Budi Arista Romadhoni
Jum'at, 07 Agustus 2026 | 14:15 WIB
Dewan Pembina Gerakan Solusi Indonesia (GSI) Prof. Dr. Pujiyono Suwadi bersama sejumlah pembicara pada acara acara Sharing Inspiratif Bareng Anak Muda yang digelar GSI, PT Pertamina (Persero), Pemkab Pati dan Bank Jateng Cabang Koordinator Pati, pada Kamis (6/8/2026). [Istimewa]
Baca 10 detik
  • Prof Pujiyono Suwadi mengajak generasi muda mencintai kekayaan alam Indonesia dalam forum diskusi di Pati pada Kamis (6/8/2026).
  • Dr Andina Elok Puri Maharani mengingatkan pentingnya menyaring informasi dan menjaga etika saat menggunakan media sosial secara bijak.
  • Plt Bupati Pati Risma Ardhi Candra menyatakan Kabupaten Pati memiliki potensi besar yang siap dikembangkan oleh inovasi anak muda.

‎Pandangan tersebut diperkuat Pakar Hukum Tata Negara Universitas Sebelas Maret (UNS), Dr. Andina Elok Puri Maharani.

‎Menurut Andina, kemajuan teknologi memberikan banyak kemudahan bagi generasi muda untuk belajar dan memperoleh informasi. Namun, kemudahan tersebut juga harus diimbangi dengan kemampuan memilah informasi yang benar.

‎"Algoritma media sosial itu mempengaruhi cara berpikir kita. Karena itu setiap informasi perlu dicek kembali agar kita tidak mudah percaya pada sesuatu yang belum tentu benar," ujar Andina.

‎Ia juga mengingatkan pentingnya menjaga etika saat menggunakan media sosial karena setiap aktivitas di ruang digital akan menjadi rekam jejak yang dapat dilihat kembali di masa depan.

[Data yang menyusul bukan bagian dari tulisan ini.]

(* Let $G$ be an odd unicyclic graph on $n$ vertices $1,\ldots,n$ and edges $e_1,\ldots,e_n$ with cycle $C$. For an edge $e_k$ and distinct vertices $i,j$: $e_k\notin C$ and $i,j\notin G\setminus e_k[C]$ if and only if $e_k$ is an edge of both $P_{i-i^*}$ and $P_{j-j^*}$. Moreover, for vertices $i,j$ and an edge $e_k$: (a) if $e_k\in C$ and $e_k\in P_{i-j}$, then $d(e_k,i)+d(e_k,j)$ and $d(i,j)$ have different parity; (b) if $e_k\in C$ and $e_k\notin P_{i-j}$, then $d(e_k,i)+d(e_k,j)$ and $d(i,j)$ have the same parity; (c) if $e_k\in P_{i-i^*}\cap P_{j-j^*}$, then $d(e_k,i)+d(e_k,j)$ and $d(i,j)$ have the same parity.
   Context: A unicyclic graph on $n$ vertices is a simple connected graph with $n$ edges; it is odd if its unique cycle $C$ has odd length. $d$ is graph distance; for vertex $j$ and edge $e=\{l,m\}$, $d(e,j):=\min\{d(j,l),d(j,m)\}$. $P_{i-j}$ denotes the shortest path between $i$ and $j$. For a vertex $i$, $i^*$ is the vertex of $C$ closest to $i$ ($i^*=i$ if $i\in C$), and $P_{i-i^*}$ is the unique shortest path from $i$ to $C$. For an edge $e$ not on $C$, $G\setminus e[C]$ is the component of $G\setminus e$ containing $C$; for $e$ on $C$, $G\setminus e[C]:=G\setminus e$. *)

From mathcomp Require Import all_boot.
Set Implicit Arguments. Unset Strict Implicit. Unset Printing Implicit Defensive.

Section Graphs.
Variables (T : finType) (g : rel T).

Definition simple_graph := symmetric g /\ forall x, ~~ g x x.

Definition connected_graph := forall x y : T, connect g x y.

Definition edges : {set {set T}} := [set [set p.1; p.2] | p : T * T & g p.1 p.2].

Definition is_cycle (c : seq T) := [&& uniq c, cycle g c & 2 < size c].

Definition on_cycle (c : seq T) (l m : T) :=
  [&& l \in c, m \in c & (next c l == m) || (next c m == l)].

Definition walkb (k : nat) (x y : T) :=
  [exists s : k.-tuple T, path g x s && (last x s == y)].

Definition dist (x y : T) : nat := find (fun k => walkb k x y) (iota 0 #|T|).

Definition distE (l m j : T) : nat := minn (dist j l) (dist j m).

Definition on_sp (l m i j : T) :=
  exists s : seq T, [/\ path g i s, last i s = j, size s = dist i j &
    [set l; m] \in [seq [set p.1; p.2] | p <- zip (i :: s) s]].

Definition is_star (c : seq T) (i v : T) :=
  v \in c /\ forall w, w \in c -> dist i v <= dist i w.

Definition on_path_to_C (c : seq T) (l m i : T) :=
  exists v, is_star c i v /\ on_sp l m i v.

Definition grem (l m : T) : rel T := [rel x y | g x y && ([set x; y] != [set l; m])].

Definition in_compC (c : seq T) (l m x : T) :=
  on_cycle c l m \/ exists2 v, v \in c & connect (grem l m) x v.

End Graphs.

From mathcomp Require Import all_boot.
Set Implicit Arguments. Unset Strict Implicit. Unset Printing Implicit Defensive.

(* Removing an edge e = {l, m} from a unicyclic graph G leaves n - 1 edges, so
   G \ e is a tree as soon as it is connected, and a tree is properly 2-coloured
   by the parity of the distance to a fixed vertex.
   If e is off the odd cycle C, then C survives in G \ e, which is therefore not
   bipartite, hence disconnected: e is a bridge, and the vertices whose shortest
   path to C crosses e are exactly those cut off from C.
   If e is on C, the rest of C is a path of even length between l and m, so G \ e
   is a spanning tree whose colouring gives l and m the same colour and is proper
   on every other edge of G. Along a shortest path, which repeats no vertex, the
   parity of the length is then the colour difference of its ends, flipped exactly
   when the path crosses e; and a shortest path to the nearer endpoint of e never
   crosses e. This gives (a) and (b).
   For (c), i, j and the nearer endpoint of e all lie in the component of G \ e
   away from C, where the colouring obtained from any edge of C is proper, and
   none of the shortest paths involved crosses e. *)

Section Distance.
Variables (T : finType) (h : rel T).
Implicit Types (x y v w r : T) (s : seq T).

Definition shortest_path x y s := [/\ path h x s, last x s = y & size s = dist h x y].

Lemma walkbP k x y :
  reflect (exists s, [/\ path h x s, last x s = y & size s = k]) (walkb h k x y).
Proof.
apply: (iffP existsP) => [[s /andP[hs /eqP ls]]|[s [hs ls sz]]].
  by exists s; rewrite size_tuple.
have sz' : size s == k by rewrite sz.
by exists (Tuple sz'); rewrite /= hs ls eqxx.
Qed.

Lemma dist_path_le x s : path h x s -> dist h x (last x s) <= size s.
Proof.
move=> hs; have [small|] := ltnP (size s) #|T|; last first.
  by apply: leq_trans; rewrite -[X in _ <= X](size_iota 0) find_size.
rewrite leqNgt; apply/negP => /(before_find 0); rewrite nth_iota // add0n.
by have -> : walkb h (size s) x (last x s) by apply/walkbP; exists s.
Qed.

Lemma exists_shortest_path x y : connect h x y -> exists s, shortest_path x y s.
Proof.
case/connectP=> p hp ->; have [p' hp' up' _] := shortenP hp.
have sz : size p' < #|T|.
  by have := max_card (mem (x :: p')); rewrite (card_uniqP up').
have has_walk : has (fun k => walkb h k x (last x p')) (iota 0 #|T|).
  by apply/hasP; exists (size p'); [rewrite mem_iota | apply/walkbP; exists p'].
have := nth_find 0 has_walk; rewrite nth_iota ?add0n //.
  by case/walkbP=> s [hs ls sz']; exists s.
by move: has_walk; rewrite has_find size_iota.
Qed.

Lemma dist_adj_le x w y : h x w -> connect h w y -> dist h x y <= (dist h w y).+1.
Proof.
move=> hxw /exists_shortest_path[s [hs <- <-]].
by apply: (dist_path_le (s := w :: s)); rewrite /= hxw.
Qed.

Lemma shortest_path_uniq x y s : shortest_path x y s -> uniq (x :: s).
Proof.
case=> hs ls sz; apply: contraT => not_uniq.
move: ls; case: (shortenP hs) => p' hp' up' sub_p' ls.
have : #|x :: p'| <= #|x :: s|.
  apply/subset_leq_card/subsetP => z; rewrite !inE => /predU1P[->|/sub_p' ->].
    by rewrite eqxx.
  by rewrite orbT.
rewrite (card_uniqP up') => le_p's.
have : #|x :: s| < size (x :: s).
  by rewrite ltn_neqAle card_size andbT; apply: contra not_uniq => /eqP/card_uniqP.
move/(leq_ltn_trans le_p's); rewrite /= ltnS sz -ls => lt_p'.
by have := dist_path_le hp'; rewrite leqNgt lt_p'.
Qed.

Lemma exists_parent v r : v != r -> connect h v r ->
  exists2 w, h v w & (dist h w r).+1 = dist h v r.
Proof.
move=> vr /exists_shortest_path[[|w s] [/= hs ls sz]]; first by rewrite ls eqxx in vr.
case/andP: hs => hvw hs; exists w => //.
have wr : connect h w r by apply/connectP; exists s.
apply/eqP; rewrite eqn_leq -{1}sz ltnS -ls dist_path_le //= ls.
by rewrite dist_adj_le.
Qed.

End Distance.

Section Colouring.
Variable T : finType.
Implicit Types (e h : rel T) (col : T -> bool) (a b x y : T) (s : seq T).

Definition proper_colouring e col := forall a b, e a b -> col a != col b.

Lemma path_colour_parity e col x s : proper_colouring e col -> path e x s ->
  col (last x s) = col x (+) odd (size s).
Proof.
move=> col_e; elim: s x => [|y s IHs] x /=; first by rewrite addbF.
case/andP=> /col_e + /IHs ->.
by case: (col x); case: (col y); case: (odd _).
Qed.

Lemma proper_colouring_cycle_even e col s : proper_colouring e col -> cycle e s ->
  ~~ odd (size s).
Proof.
case: s => [|x s] //= col_e /(path_colour_parity col_e).
by rewrite last_rcons size_rcons /=; case: (col x); case: (odd _).
Qed.

Lemma eq_set2_cases a b x y :
  [set a; b] = [set x; y] -> (a = x /\ b = y) \/ (a = y /\ b = x).
Proof.
move=> eq_ab.
have in_xy z : z \in [set a; b] -> z = x \/ z = y by rewrite eq_ab => /set2P.
have in_ab z : z \in [set x; y] -> z = a \/ z = b by rewrite -eq_ab => /set2P.
have [ea|ea] := in_xy a (set21 a b); have [eb|eb] := in_xy b (set22 a b); subst a b.
- by have [] := in_ab y (set22 x y) => ->; left.
- by left.
- by right.
- by have [] := in_ab x (set21 x y) => ->; left.
Qed.

Lemma mem_edges h x y : h x y -> [set x; y] \in edges h.
Proof. by move=> hxy; apply/imsetP; exists (x, y); rewrite ?inE. Qed.

Lemma tree_dist_colouring h r : (forall v, connect h v r) -> #|edges h| < #|T| ->
  proper_colouring h (fun v => odd (dist h v r)).
Proof.
move=> to_r few_edges.
pose parent v := odflt r [pick w | h v w && ((dist h w r).+1 == dist h v r)].
have parentP v : v != r -> h v (parent v) /\ (dist h (parent v) r).+1 = dist h v r.
  move=> vr; rewrite /parent; case: pickP => [w /andP[? /eqP]|no_parent] //.
  have [w hvw dw] := exists_parent vr (to_r v).
  by have := no_parent w; rewrite hvw dw eqxx.
pose up_edge v := [set v; parent v].
(* The #|T| - 1 parent edges are distinct, so they exhaust the edges of h. *)
have up_edge_inj : {in [set~ r] &, injective up_edge}.
  move=> v w; rewrite !inE => vr wr /eq_set2_cases[[-> _]//|[ev ew]].
  have [_] := parentP v vr; have [_] := parentP w wr.
  by rewrite -ev ew => <- /eqP; rewrite -addn2 -{2}[dist h v r]addn0 eqn_add2l.
have all_up_edges : up_edge @: [set~ r] = edges h.
  apply/eqP; rewrite eqEcard card_in_imset // cardsC1 -ltnS prednK ?few_edges //.
    rewrite andbT; apply/subsetP => E /imsetP[v]; rewrite !inE => vr ->.
    by apply: mem_edges; case: (parentP v vr).
  by apply/card_gt0P; exists r.
move=> x y /mem_edges; rewrite -all_up_edges => /imsetP[v]; rewrite !inE => vr.
have [_ dv] := parentP v vr.
by case/eq_set2_cases=> [[-> ->]|[-> ->]]; rewrite -dv /= ?negbK; case: odd.
Qed.

End Colouring.

Section EdgeRemoval.
Variable T : finType.
Implicit Types (g : rel T) (col : T -> bool) (a b l m x y : T) (s : seq T).

Lemma grem_sym g l m : symmetric g -> symmetric (grem g l m).
Proof. by move=> g_sym x y; rewrite /grem /= g_sym setUC. Qed.

Lemma edges_grem g l m : edges (grem g l m) = edges g :\ [set l; m].
Proof.
apply/setP => E; rewrite /edges !inE; apply/imsetP/andP => [[p]|[E_lm /imsetP[p]]].
  by rewrite inE => /andP[gp E_lm] ->; split; last by apply: mem_edges.
by rewrite inE => gp eE; exists p; rewrite // inE /grem /= gp -eE.
Qed.

Lemma card_edges_grem g l m : g l m -> #|edges (grem g l m)| = #|edges g|.-1.
Proof. by move=> glm; rewrite edges_grem [#|edges g|](cardsD1 [set l; m]) mem_edges. Qed.

Lemma connect_grem g l m x y : symmetric g -> connect (grem g l m) l m ->
  connect g x y -> connect (grem g l m) x y.
Proof.
move=> g_sym lm; apply: connect_sub => a b gab.
have [ab_lm|ab_lm] := eqVneq [set a; b] [set l; m]; last first.
  by apply: connect1; rewrite /grem /= gab ab_lm.
by case/eq_set2_cases: ab_lm => [[-> ->]|[-> ->]]; rewrite // sym_connect_sym //; apply: grem_sym.
Qed.

Lemma grem_colouring g l m : symmetric g -> connected_graph g -> #|edges g| = #|T| ->
  g l m -> connect (grem g l m) l m ->
  proper_colouring (grem g l m) (fun v => odd (dist (grem g l m) v m)).
Proof.
move=> g_sym g_conn card_g glm lm; apply: tree_dist_colouring.
  by move=> v; apply: connect_grem.
by rewrite card_edges_grem // card_g prednK //; apply/card_gt0P; exists l.
Qed.

Definition uses_edge l m x s := [set l; m] \in [seq [set p.1; p.2] | p <- zip (x :: s) s].

Lemma uses_edge_cons l m x y s :
  uses_edge l m x (y :: s) = ([set l; m] == [set x; y]) || uses_edge l m y s.
Proof. by rewrite /uses_edge /= in_cons. Qed.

‎"Dunia digital tidak pernah benar-benar hilang. Maka ukirlah rekam jejak yang baik sejak sekarang," katanya.

‎Selain aktif di ruang digital, Andina berharap generasi muda juga mengenal potensi daerahnya sendiri dan memanfaatkan ilmu yang diperoleh untuk memberikan manfaat bagi masyarakat.

‎Andina menambahkan, perkembangan teknologi digital seharusnya tidak hanya dimanfaatkan sebagai sarana berkomunikasi, tetapi juga menjadi ruang untuk memperluas wawasan, membangun jejaring, dan mengembangkan kreativitas.

‎Menurutnya, berbagai platform digital saat ini membuka peluang bagi generasi muda untuk belajar berbagai keterampilan baru, mempromosikan potensi daerah, hingga menghasilkan karya yang bermanfaat bagi masyarakat.

‎"Teknologi itu akan sangat bermanfaat kalau digunakan untuk hal-hal yang positif. Gunakan media digital untuk belajar, berdiskusi, dan menunjukkan karya-karya terbaik kita, bukan justru untuk menyebarkan hal-hal yang tidak bermanfaat," ujar Andina.

Baca Juga: Wali Santri Desak Ponpes Ndholo Kusumo Dibuka Kembali, Kemenag Tegaskan Izin Pondok Tetap Dicabut

‎Ia juga mengajak generasi muda memanfaatkan kesempatan menempuh pendidikan sebagai bekal membangun daerah asalnya. Menurutnya, Indonesia memiliki sumber daya alam dan sumber daya manusia yang melimpah sehingga membutuhkan generasi yang berintegritas, memiliki wawasan luas, serta mampu berkolaborasi menghadapi berbagai tantangan di masa depan.

‎"Kita memiliki banyak potensi yang bisa dikembangkan. Karena itu manfaatkan kesempatan belajar sebaik mungkin, tingkatkan kualitas diri, lalu kembalilah memberikan kontribusi bagi masyarakat dan daerah tempat kita berasal," kata Andina.

Inovasi Anak Muda untuk Perkembangan Daerah

‎Sementara itu, Plt Bupati Pati Risma Ardhi Candra mengatakan Kabupaten Pati memiliki banyak potensi yang dapat dikembangkan oleh generasi muda.

‎Menurutnya, selain dikenal sebagai daerah pertanian, Pati juga memiliki sektor perikanan, kelautan, hingga produksi garam yang menjadi salah satu yang terbesar di Indonesia.

‎"Pati memiliki potensi yang luar biasa. Tinggal bagaimana anak-anak muda mau berinovasi dan memanfaatkan peluang yang ada," ujar Risma Ardhi Candra.